• [Prompt]:
Among the entries below, count the lines that contain the word "exists". Respond with the count only.

• [Exercise data]:
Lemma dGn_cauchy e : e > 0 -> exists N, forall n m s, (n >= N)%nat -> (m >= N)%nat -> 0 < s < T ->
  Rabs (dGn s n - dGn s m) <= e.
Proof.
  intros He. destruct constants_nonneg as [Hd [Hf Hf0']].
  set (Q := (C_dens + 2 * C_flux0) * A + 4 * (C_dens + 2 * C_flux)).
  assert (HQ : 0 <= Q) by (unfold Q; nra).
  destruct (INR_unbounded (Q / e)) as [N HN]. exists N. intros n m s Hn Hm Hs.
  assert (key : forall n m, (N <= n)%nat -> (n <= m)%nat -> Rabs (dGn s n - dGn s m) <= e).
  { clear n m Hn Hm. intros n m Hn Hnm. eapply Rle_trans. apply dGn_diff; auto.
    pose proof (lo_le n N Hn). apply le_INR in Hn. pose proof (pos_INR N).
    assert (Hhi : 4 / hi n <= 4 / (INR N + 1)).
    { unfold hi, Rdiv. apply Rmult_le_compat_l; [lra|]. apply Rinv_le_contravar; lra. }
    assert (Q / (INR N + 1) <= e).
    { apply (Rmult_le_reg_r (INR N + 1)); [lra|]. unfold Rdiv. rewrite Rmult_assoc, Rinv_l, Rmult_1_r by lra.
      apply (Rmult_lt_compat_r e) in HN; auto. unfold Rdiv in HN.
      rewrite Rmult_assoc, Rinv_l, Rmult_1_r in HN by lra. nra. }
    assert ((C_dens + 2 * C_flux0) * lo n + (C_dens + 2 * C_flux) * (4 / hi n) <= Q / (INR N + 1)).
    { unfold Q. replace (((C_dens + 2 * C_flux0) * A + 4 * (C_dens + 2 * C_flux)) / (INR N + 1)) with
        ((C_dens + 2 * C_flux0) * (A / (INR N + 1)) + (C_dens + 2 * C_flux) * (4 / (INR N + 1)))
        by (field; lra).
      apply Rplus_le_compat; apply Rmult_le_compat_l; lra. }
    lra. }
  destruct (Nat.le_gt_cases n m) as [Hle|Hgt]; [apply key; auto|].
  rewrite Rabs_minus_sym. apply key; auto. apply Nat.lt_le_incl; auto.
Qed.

• [Output of the task]:
2